Work order >> Please repeat the lines below, exactly and only, from the one that holds "unitarymx A -> \det A = 1 -> (complex.Re" through the one that holds "move=> hP; apply/eqP;".

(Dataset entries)
§

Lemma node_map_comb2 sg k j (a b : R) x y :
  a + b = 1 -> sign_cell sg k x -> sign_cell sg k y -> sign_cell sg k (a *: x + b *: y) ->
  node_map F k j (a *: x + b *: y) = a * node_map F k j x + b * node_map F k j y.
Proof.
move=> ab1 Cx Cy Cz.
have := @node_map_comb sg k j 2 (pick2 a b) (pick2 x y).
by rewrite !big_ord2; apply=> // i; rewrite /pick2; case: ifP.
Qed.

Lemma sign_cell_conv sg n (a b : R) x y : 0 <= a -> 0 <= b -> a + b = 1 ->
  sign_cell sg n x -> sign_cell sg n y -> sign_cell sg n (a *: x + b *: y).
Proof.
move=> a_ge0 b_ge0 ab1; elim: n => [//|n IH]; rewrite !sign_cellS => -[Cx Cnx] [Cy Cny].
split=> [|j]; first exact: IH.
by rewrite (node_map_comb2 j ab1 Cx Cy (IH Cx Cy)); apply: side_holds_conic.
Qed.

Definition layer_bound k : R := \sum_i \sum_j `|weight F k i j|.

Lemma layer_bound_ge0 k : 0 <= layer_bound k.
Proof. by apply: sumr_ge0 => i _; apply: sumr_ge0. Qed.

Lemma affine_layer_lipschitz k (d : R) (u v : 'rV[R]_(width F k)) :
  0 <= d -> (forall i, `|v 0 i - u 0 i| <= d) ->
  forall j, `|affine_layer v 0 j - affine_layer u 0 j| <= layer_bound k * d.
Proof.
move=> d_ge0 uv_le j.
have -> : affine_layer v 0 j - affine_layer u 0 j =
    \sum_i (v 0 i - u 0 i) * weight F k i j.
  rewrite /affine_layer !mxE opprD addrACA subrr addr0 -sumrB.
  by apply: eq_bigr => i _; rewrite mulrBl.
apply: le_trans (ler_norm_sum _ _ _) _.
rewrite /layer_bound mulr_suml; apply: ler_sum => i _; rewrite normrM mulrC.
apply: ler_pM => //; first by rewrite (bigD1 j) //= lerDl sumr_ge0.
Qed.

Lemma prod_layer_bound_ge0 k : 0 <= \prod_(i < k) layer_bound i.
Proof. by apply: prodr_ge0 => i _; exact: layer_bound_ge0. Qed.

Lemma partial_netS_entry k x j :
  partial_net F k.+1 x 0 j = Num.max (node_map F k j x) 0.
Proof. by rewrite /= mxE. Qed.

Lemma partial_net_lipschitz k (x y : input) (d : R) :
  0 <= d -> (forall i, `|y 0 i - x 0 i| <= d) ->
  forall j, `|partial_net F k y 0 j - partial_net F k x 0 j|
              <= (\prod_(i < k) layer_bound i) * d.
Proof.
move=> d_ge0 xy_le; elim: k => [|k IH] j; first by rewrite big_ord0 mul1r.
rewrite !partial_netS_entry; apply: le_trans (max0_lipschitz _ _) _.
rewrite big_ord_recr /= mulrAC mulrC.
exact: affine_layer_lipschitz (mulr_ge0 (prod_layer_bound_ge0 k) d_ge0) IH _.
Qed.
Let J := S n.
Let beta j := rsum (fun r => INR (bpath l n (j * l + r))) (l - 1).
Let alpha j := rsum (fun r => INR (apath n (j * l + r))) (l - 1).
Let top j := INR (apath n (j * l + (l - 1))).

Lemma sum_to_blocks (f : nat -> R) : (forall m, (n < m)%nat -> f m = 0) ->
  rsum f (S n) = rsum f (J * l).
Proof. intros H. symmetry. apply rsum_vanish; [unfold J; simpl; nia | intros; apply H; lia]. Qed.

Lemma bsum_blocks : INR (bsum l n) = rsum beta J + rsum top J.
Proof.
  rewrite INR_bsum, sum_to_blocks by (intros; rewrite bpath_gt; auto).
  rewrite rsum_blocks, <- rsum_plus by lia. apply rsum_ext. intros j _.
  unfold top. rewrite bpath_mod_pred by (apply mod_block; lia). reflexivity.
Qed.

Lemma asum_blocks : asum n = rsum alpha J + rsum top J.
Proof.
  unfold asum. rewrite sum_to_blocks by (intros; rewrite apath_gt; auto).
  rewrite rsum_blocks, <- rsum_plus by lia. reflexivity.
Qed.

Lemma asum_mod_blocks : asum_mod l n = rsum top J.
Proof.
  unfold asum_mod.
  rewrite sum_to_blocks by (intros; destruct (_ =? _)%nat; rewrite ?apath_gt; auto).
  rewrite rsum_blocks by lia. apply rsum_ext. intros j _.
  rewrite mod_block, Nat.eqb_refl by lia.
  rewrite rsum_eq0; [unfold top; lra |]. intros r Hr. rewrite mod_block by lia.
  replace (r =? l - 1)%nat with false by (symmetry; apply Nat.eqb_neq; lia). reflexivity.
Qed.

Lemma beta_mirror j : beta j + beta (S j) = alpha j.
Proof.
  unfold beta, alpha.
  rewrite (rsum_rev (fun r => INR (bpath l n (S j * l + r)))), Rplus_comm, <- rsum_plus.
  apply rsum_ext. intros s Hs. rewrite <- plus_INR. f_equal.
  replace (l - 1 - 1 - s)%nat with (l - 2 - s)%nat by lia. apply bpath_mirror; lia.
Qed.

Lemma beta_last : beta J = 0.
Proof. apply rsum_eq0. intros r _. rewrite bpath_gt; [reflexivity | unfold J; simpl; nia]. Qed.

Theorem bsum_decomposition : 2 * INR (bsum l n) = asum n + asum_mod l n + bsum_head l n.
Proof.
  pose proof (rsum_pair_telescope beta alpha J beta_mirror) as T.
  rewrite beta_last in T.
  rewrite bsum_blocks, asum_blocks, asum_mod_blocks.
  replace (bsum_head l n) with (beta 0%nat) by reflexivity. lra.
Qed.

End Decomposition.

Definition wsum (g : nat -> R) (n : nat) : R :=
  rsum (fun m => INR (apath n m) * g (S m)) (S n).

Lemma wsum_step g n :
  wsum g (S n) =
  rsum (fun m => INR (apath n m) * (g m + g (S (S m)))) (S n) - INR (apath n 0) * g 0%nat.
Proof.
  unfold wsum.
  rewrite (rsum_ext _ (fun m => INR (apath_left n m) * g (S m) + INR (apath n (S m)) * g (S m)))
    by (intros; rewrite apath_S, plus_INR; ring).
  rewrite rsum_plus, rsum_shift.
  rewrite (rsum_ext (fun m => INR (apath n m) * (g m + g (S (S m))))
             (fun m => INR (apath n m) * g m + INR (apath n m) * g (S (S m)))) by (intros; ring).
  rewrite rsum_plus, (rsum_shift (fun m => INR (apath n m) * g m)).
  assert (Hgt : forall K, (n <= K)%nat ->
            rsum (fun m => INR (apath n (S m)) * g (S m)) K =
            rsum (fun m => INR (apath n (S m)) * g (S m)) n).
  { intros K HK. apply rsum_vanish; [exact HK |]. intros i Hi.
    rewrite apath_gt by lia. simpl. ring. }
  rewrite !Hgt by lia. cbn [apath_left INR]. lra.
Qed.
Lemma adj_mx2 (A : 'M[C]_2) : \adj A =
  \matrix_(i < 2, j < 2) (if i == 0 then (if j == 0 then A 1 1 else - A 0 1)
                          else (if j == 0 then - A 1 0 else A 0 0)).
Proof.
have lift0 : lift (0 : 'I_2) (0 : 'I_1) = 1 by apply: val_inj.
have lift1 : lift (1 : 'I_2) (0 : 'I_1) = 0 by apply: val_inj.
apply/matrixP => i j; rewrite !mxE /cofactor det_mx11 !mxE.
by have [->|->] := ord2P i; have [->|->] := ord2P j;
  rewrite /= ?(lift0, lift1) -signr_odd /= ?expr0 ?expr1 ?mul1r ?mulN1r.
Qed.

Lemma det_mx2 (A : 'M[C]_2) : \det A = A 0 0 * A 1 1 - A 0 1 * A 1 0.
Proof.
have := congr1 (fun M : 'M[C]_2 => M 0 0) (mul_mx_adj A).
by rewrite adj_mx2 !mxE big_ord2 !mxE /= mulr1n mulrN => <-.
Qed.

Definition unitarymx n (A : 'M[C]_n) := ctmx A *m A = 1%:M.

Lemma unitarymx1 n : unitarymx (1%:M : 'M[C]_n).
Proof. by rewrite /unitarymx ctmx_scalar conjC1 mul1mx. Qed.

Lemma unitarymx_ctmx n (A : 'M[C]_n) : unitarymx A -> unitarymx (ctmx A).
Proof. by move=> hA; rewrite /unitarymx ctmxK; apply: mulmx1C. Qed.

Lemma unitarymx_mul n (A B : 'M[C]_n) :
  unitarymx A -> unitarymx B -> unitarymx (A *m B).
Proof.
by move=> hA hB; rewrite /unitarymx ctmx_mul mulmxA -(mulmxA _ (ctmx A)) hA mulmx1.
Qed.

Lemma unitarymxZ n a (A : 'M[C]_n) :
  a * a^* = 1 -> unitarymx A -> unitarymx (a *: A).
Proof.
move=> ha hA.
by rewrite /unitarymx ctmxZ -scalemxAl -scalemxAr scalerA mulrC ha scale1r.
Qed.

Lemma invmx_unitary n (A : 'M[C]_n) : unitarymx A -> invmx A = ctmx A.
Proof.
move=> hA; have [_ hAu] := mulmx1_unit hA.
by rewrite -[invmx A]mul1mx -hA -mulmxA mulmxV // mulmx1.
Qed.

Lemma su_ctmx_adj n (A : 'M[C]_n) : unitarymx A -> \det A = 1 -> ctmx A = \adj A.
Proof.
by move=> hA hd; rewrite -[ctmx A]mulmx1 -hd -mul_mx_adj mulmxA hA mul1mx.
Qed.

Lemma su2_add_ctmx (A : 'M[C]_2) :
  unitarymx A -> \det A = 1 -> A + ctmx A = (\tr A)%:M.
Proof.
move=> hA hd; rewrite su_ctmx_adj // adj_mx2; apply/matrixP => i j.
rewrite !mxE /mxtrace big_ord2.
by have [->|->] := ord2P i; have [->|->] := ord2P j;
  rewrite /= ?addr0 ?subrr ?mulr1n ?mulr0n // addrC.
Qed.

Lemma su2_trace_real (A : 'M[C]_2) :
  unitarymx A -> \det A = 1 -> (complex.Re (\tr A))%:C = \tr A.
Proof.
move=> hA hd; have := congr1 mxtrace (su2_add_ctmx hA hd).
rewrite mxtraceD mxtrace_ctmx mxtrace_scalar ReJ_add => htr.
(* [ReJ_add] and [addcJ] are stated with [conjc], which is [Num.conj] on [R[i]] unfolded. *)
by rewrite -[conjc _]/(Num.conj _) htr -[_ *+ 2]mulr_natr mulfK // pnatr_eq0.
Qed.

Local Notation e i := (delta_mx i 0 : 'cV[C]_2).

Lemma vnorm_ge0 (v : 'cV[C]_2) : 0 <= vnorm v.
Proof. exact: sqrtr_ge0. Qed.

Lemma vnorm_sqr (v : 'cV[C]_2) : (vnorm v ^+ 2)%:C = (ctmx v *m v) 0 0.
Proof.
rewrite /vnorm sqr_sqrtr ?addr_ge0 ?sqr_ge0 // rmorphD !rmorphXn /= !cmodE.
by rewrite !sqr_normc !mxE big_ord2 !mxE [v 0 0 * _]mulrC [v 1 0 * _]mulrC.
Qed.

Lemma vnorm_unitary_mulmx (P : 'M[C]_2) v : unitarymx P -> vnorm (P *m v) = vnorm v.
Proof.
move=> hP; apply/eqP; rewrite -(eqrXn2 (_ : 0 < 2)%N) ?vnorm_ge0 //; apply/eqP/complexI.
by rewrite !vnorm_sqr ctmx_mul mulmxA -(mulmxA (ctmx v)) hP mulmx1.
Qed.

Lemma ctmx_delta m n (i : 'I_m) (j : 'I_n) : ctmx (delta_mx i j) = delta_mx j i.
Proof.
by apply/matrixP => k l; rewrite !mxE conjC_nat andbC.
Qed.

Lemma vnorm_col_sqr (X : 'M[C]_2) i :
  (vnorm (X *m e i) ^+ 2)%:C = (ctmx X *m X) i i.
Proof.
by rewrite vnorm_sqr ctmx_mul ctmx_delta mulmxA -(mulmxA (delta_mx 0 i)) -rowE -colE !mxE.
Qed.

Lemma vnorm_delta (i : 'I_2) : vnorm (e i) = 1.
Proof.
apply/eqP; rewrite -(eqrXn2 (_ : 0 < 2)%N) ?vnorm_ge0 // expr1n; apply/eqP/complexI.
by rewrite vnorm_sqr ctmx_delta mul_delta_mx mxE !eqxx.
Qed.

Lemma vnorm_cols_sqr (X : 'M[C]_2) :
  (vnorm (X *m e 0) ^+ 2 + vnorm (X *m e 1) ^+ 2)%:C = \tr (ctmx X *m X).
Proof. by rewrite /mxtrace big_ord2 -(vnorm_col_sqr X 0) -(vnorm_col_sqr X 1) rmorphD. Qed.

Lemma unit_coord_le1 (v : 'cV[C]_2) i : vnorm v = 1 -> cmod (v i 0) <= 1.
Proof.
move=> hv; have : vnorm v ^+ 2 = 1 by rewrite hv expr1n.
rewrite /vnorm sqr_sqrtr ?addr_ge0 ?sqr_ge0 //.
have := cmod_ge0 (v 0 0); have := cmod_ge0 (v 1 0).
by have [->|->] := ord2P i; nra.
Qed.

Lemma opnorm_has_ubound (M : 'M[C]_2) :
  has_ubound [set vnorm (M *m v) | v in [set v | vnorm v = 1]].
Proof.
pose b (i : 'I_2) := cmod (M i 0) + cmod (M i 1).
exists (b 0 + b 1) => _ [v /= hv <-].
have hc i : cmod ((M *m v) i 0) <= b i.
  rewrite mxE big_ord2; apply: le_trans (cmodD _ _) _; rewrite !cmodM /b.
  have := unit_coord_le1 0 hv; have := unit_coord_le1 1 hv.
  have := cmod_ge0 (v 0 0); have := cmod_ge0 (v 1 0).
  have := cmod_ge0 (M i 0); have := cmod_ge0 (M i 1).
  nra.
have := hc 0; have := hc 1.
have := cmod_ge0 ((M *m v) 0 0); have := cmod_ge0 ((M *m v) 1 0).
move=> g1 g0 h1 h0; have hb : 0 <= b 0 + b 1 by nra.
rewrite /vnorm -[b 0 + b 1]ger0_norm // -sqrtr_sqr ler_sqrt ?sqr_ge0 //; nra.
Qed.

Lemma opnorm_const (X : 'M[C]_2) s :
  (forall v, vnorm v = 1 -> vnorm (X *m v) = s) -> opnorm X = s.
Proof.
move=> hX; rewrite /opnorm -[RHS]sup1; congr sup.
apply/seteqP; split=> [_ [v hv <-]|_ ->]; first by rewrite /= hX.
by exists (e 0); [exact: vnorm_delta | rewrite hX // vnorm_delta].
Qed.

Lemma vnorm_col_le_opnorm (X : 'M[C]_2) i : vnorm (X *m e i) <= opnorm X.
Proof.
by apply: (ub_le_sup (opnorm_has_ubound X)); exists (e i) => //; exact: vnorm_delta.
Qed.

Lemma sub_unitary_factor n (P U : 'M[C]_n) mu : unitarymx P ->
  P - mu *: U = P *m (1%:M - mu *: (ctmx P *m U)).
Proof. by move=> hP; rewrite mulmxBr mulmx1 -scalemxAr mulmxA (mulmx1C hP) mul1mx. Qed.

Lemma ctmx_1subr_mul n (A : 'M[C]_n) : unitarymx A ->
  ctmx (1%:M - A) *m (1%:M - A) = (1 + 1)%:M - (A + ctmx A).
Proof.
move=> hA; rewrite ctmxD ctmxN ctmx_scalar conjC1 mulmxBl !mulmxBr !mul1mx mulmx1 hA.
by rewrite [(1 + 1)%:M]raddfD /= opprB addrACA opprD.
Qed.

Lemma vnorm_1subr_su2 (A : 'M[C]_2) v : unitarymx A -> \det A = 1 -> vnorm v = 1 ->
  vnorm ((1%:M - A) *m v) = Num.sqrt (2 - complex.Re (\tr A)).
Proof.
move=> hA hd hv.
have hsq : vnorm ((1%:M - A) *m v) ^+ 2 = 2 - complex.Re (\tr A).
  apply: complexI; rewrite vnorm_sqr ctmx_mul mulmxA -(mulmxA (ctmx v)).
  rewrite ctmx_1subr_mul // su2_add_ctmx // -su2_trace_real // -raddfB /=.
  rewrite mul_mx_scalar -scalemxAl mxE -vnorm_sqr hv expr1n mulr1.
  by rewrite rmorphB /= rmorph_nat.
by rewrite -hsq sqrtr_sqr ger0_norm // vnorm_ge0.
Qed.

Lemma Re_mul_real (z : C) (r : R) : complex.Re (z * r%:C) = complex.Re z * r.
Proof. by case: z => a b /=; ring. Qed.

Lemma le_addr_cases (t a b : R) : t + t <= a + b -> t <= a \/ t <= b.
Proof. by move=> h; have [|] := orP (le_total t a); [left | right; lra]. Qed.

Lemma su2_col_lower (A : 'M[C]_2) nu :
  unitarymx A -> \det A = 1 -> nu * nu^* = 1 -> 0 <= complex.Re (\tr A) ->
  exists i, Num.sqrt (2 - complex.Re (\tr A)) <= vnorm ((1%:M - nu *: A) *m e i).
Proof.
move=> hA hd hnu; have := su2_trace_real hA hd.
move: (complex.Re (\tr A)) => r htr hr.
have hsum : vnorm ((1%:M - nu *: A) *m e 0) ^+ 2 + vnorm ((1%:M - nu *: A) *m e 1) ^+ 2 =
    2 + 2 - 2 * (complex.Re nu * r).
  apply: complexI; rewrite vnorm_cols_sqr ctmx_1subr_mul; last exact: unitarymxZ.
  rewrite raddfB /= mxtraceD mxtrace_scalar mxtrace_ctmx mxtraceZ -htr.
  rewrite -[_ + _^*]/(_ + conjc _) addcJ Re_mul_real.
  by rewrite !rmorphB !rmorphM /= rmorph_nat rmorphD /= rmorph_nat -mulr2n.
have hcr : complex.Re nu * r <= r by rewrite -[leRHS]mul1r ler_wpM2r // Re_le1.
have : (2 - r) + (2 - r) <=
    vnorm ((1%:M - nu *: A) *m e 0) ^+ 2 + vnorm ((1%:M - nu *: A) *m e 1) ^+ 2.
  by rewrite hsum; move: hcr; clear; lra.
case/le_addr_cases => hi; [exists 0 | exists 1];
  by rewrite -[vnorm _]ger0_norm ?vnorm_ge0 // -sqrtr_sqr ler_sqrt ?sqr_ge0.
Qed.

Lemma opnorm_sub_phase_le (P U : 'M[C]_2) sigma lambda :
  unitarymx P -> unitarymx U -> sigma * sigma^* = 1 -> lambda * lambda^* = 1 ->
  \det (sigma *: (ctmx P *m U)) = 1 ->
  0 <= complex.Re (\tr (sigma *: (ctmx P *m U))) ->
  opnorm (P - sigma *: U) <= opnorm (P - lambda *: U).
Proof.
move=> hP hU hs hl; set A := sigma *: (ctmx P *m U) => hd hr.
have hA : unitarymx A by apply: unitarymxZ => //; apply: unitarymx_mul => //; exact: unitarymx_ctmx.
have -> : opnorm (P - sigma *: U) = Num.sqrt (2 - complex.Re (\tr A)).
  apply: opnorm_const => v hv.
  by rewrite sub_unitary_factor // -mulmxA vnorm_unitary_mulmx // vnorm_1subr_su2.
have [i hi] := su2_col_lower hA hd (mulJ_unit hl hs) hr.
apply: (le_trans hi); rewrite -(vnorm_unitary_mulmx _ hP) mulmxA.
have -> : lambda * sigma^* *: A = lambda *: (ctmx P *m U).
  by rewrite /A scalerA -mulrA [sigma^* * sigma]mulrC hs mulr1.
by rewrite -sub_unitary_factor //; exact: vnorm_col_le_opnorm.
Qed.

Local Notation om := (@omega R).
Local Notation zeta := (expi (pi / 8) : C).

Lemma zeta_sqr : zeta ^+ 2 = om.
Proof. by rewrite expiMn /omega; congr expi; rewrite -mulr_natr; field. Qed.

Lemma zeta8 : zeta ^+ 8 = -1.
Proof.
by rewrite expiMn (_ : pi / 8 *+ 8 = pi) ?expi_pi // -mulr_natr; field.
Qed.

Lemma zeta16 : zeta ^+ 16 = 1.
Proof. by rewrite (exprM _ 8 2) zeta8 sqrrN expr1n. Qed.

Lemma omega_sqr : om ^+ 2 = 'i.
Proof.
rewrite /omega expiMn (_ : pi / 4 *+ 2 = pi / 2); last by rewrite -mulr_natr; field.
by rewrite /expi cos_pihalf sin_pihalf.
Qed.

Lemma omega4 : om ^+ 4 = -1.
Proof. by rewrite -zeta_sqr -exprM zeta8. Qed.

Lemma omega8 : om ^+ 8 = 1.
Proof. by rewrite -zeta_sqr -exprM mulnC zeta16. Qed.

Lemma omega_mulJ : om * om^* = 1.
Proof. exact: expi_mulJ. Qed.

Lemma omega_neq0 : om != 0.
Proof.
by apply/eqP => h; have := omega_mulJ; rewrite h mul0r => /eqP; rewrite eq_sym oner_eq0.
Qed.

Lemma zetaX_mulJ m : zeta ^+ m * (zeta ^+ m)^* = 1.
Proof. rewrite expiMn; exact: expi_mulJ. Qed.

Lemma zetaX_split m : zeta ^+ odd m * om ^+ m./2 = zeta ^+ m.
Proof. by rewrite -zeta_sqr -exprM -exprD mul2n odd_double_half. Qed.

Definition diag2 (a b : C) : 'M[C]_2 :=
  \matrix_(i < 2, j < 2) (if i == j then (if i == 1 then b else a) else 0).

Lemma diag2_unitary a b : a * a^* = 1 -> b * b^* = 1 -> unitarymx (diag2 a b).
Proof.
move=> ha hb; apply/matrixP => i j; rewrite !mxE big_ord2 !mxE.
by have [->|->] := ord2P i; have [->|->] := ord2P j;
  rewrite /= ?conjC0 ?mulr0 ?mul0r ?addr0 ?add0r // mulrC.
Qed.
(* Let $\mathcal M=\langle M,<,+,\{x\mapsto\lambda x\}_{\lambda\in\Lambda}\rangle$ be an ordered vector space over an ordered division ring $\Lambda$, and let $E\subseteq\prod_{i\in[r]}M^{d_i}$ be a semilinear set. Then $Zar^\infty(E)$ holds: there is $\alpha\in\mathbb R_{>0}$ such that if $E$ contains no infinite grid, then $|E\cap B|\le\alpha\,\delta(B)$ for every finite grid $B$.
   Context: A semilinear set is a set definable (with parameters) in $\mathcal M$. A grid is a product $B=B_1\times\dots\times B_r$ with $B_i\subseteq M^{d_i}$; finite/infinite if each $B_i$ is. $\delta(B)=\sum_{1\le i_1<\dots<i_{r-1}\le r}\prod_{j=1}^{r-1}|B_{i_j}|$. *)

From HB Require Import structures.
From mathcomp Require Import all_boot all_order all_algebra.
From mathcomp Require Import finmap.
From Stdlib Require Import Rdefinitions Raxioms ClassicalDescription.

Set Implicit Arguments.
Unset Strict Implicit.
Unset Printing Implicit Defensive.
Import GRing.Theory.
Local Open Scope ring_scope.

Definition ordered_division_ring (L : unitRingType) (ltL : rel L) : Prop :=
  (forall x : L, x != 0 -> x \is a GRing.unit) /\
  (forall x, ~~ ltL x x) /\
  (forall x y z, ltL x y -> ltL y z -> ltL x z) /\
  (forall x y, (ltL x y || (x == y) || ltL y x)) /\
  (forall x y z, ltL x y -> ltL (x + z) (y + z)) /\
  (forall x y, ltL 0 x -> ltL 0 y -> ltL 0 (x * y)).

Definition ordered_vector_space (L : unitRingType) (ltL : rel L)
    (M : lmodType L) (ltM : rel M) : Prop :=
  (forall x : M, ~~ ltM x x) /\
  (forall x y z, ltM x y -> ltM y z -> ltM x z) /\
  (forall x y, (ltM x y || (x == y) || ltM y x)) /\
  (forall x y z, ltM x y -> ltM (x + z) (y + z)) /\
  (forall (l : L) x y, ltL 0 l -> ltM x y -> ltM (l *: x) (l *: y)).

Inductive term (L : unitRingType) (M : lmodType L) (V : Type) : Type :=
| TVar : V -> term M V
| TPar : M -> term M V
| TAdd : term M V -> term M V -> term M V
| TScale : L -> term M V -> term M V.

§

Result of this exercise >>
  unitarymx A -> \det A = 1 -> (complex.Re (\tr A))%:C = \tr A.
Proof.
move=> hA hd; have := congr1 mxtrace (su2_add_ctmx hA hd).
rewrite mxtraceD mxtrace_ctmx mxtrace_scalar ReJ_add => htr.
(* [ReJ_add] and [addcJ] are stated with [conjc], which is [Num.conj] on [R[i]] unfolded. *)
by rewrite -[conjc _]/(Num.conj _) htr -[_ *+ 2]mulr_natr mulfK // pnatr_eq0.
Qed.

Local Notation e i := (delta_mx i 0 : 'cV[C]_2).

Lemma vnorm_ge0 (v : 'cV[C]_2) : 0 <= vnorm v.
Proof. exact: sqrtr_ge0. Qed.

Lemma vnorm_sqr (v : 'cV[C]_2) : (vnorm v ^+ 2)%:C = (ctmx v *m v) 0 0.
Proof.
rewrite /vnorm sqr_sqrtr ?addr_ge0 ?sqr_ge0 // rmorphD !rmorphXn /= !cmodE.
by rewrite !sqr_normc !mxE big_ord2 !mxE [v 0 0 * _]mulrC [v 1 0 * _]mulrC.
Qed.

Lemma vnorm_unitary_mulmx (P : 'M[C]_2) v : unitarymx P -> vnorm (P *m v) = vnorm v.
Proof.
move=> hP; apply/eqP; rewrite -(eqrXn2 (_ : 0 < 2)%N) ?vnorm_ge0 //; apply/eqP/complexI.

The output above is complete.